Yine bu dönemde devlet yönetiminde söz sahibi olan kuvvet komutanlıklarının prestijini arttırmak, askeri bürokrasinin mekansal gereksinimlerini karşılamak için devletçilik akımının da beslediği, kurumsal resmi ideolojiden pay alan sembolizm ve anıtsallıkla döşenmiş yeni yapıların yapıldığı görülür. Örneğin gazi ordu evi, başkent ordu evi, OYAK siteleri, Maltepe ordu pazarı, bu dönemdeki yapılardır. Görüldüğü gibi iktidar modeli ve ekonomik programları ile bu yasalar hem 1970 sonrası burjuvazisinin özlemlerini hem de militarist yapılarının argümanlarına paralel düşmüştür.

Modern toplum çeşitli mekanizmalarla bireyi sarmalamış ve her hareketini kontrol altında tutan sistemler geliştirmiştir. Bugün 12 Eylül ve kurumlarının toplumsal işkence ve acıları da bu mekanizmalar sonucunda yaşanmaktadır. Yaratılan kurumsal sistem sayesinde insan kendi doğal gerçekliğinden koparılmış, sistemin sahte hayat paradigmalarına inandırılmış ve ne yazık ki 12 Eylül'ün kanserli düşünceleri sinsice tüm yaşam alanlarına sokulmuş durumdadır. Fanon'un koloniyal boyun eğdirme politikası üzerinden insan ruhunun nasıl altüst olduğunu ve tüm bunların psikanalitik süreçlerle açıklanabildiği tezi günümüz kurumların gidişatında izlenen politikalarla benzerlik göstermektedir. Gün geçtikçe bu kurumların işleyişi kötüleşmiş, adı üstünde çeşitli iyileştirmeler ve rötuşlarla kanserli hücrelere her geçen gün yenileri eklenmiştir. Kurumların yapısında ve işleyişinde topyekün bir değişikliğe gidilmeden devlet mekanizmalarında demokratik bir iyileşmeden söz edilemeyeceği açıktır.
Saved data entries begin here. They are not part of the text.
(* Regime m0 / U0 > d / (d + 1): the uniform forecaster (alpha = 1) already
   achieves the bound, since then U0 ln d <= m0 ln d + U0 h(m0 / U0). *)
Lemma large_ratio_guarantee d m0 U0 :
  (1 <= d)%nat -> 0 < m0 -> 0 < U0 -> m0 <= U0 -> INR d / (INR d + 1) < m0 / U0 ->
  exists eta alpha : R, 0 < eta /\ 0 <= alpha <= 1 /\
    fs_guarantee d m0 U0 eta alpha (sqrt (U0 / 2 * (m0 * ln (INR d) + U0 * hbin (m0 / U0)))).
Proof.
intros Hd Hm HU Hmu Hreg.
pose proof (INR_d_pos d Hd) as Hdp.
assert (HD1 : 1 <= INR d) by (apply (le_INR 1); lia).
set (D := INR d) in *. set (r := m0 / U0) in *.
assert (Hm0 : m0 = r * U0) by (unfold r; field; lra).
assert (Hr : 0 < r <= 1) by (split; nra).
assert (HDr : D * (1 - r) <= 1).
{ apply Rmult_lt_compat_r with (r := D + 1) in Hreg; [|lra].
  unfold Rdiv in Hreg. rewrite Rmult_assoc, Rinv_l in Hreg by lra. nra. }
pose proof (hbin_ge r D Hr Hdp HDr).
pose proof (ln_ge_square_gap D HD1).
assert (Hgap : 0 <= 1 - / D) by (assert (/ D <= 1) by (rewrite <- Rinv_1; apply Rinv_le_contravar; lra); lra).
exists 1, 1. split; [lra|]. split; [lra|].
intros T l u HT Hl Hu _ Hmass.
unfold regret. rewrite <- sumR_minus.
eapply Rle_trans.
{ apply sumR_le with (g := fun k => (1 - / D) * norm1 d (u (S k))). intros k Hk.
  apply uniform_round; auto; intros; [apply fs_uniform | apply Hu | apply Hl]; lia. }
rewrite sumR_scal.
assert (HU2 : (1 - / D) * sumR T (fun k => norm1 d (u (S k))) <= (1 - / D) * U0)
  by (apply Rmult_le_compat_l; auto).
eapply Rle_trans; [exact HU2|].
rewrite <- (sqrt_square ((1 - / D) * U0)) by nra.
apply sqrt_le_1_alt.
assert (U0 * ((1 - r) * ln D) <= U0 * hbin r) by (apply Rmult_le_compat_l; lra).
nra.
Qed.

Lemma entropy_relaxation d m0 U0 : 0 < m0 -> 0 < U0 -> m0 <= U0 ->
  sqrt (U0 / 2 * (m0 * ln (INR d) + U0 * hbin (m0 / U0)))
  <= sqrt (U0 * m0 / 2 * (ln (INR d) + ln (exp 1 * U0 / m0))).
Proof.
intros Hm HU Hmu. apply sqrt_le_1_alt.
set (r := m0 / U0).
assert (Hm0 : m0 = r * U0) by (unfold r; field; lra).
assert (Hr : 0 < r <= 1) by (split; nra).
assert (E : ln (exp 1 * U0 / m0) = 1 - ln r).
{ replace (exp 1 * U0 / m0) with (exp 1 * / r) by (unfold r; field; lra).
  rewrite ln_mult, ln_exp, ln_Rinv; try lra; [apply exp_pos| apply Rinv_0_lt_compat; lra]. }
rewrite E.
pose proof (hbin_le r Hr).
assert (U0 * hbin r <= U0 * (r * (1 - ln r))) by (apply Rmult_le_compat_l; lra).
rewrite Hm0. nra.
Qed.

Theorem corollary1 (d : nat) (m0 U0 : R) :
  (1 <= d)%nat -> 0 < m0 -> 0 < U0 -> m0 <= U0 ->
  exists eta alpha : R, 0 < eta /\ 0 <= alpha <= 1 /\
    forall (T : nat) (l u : nat -> nat -> R),
      (1 <= T)%nat ->
      (forall t i, (1 <= t <= T)%nat -> (i < d)%nat -> 0 <= l t i <= 1) ->
      (forall t i, (1 <= t <= T)%nat -> (i < d)%nat -> 0 <= u t i) ->
      norm1 d (u 1%nat) + mshift d T u <= m0 ->
      sumR T (fun k => norm1 d (u (S k))) <= U0 ->
      sumR T (fun k => norm1 d (u (S k)) * dot d (phat eta alpha d l (S k)) (l (S k)))
        - sumR T (fun k => dot d (u (S k)) (l (S k)))
        <= sqrt (U0 / 2 * (m0 * ln (INR d) + U0 * hbin (m0 / U0)))
      /\ sqrt (U0 / 2 * (m0 * ln (INR d) + U0 * hbin (m0 / U0)))
        <= sqrt (U0 * m0 / 2 * (ln (INR d) + ln (exp 1 * U0 / m0))).
Proof.
intros Hd Hm HU Hmu.
assert (Hguar : exists eta alpha : R, 0 < eta /\ 0 <= alpha <= 1 /\
  fs_guarantee d m0 U0 eta alpha (sqrt (U0 / 2 * (m0 * ln (INR d) + U0 * hbin (m0 / U0))))).
{ destruct (Rle_dec (m0 / U0) (INR d / (INR d + 1))) as [Hr|Hr].
  - apply small_ratio_guarantee; auto.
  - apply large_ratio_guarantee; auto; lra. }
destruct Hguar as (eta & alpha & Heta & Halpha & Hbound).
exists eta, alpha. split; [exact Heta|]. split; [exact Halpha|].
intros T l u HT Hl Hu Hshift Hmass. split.
- exact (Hbound T l u HT Hl Hu Hshift Hmass).
- apply entropy_relaxation; auto.
Qed.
Sonuç itibari ile darbe sonrası oluşan toplumsal yapı içinde yaşanan kurum içi ve kurumlar arası sömürgeci yaklaşımlar ancak toplumsal uyanışın gerçekleşmesi ve demokratik, özgür düşüncelerin yetişmesi ile mümkün olacaktır.

TARTIŞMALARIN ODAĞINDAKİ HSYK

Bugün üzerine en çok kıyamat kopartılan 12 Eylül'ün kurumlarından bir diğeri olan Hakimler ve Savcılar Yüksek Kurulu (HSYK), 13 Mayıs 1981 tarihinde kurulmuştur. Kurulun görev ve yetkileri anayasanın 159. maddesinde şu şekilde belirtiliyor:

1. Yargıtay ve Danıştay üyelerini seçmek.

2. Adalet Bakanlığı'nın, bir mahkemenin veya bir hâkim veya savcının kadrosunun kaldırılması veya bir mahkemenin yargı çevresinin değiştirilmesi konusundaki tekliflerini karara bağlamak.

3. Hakim ve savcıların;

a) Mesleğe kabul etme,

b) Atama ve nakletme,

c) Geçici yetki verme,

d) Her türlü yükselme ve birinci sınıfa ayırma,

e) Kadro dağıtma,

f) Meslekte kalmaları uygun görülmeyenler hakkında karar verme,

g) Disiplin cezası verme,

h) Görevden uzaklaştırma,

İşlemlerini yapmak.

4. Anayasa ve kanunlarla verilen diğer görevleri yerine getirmek.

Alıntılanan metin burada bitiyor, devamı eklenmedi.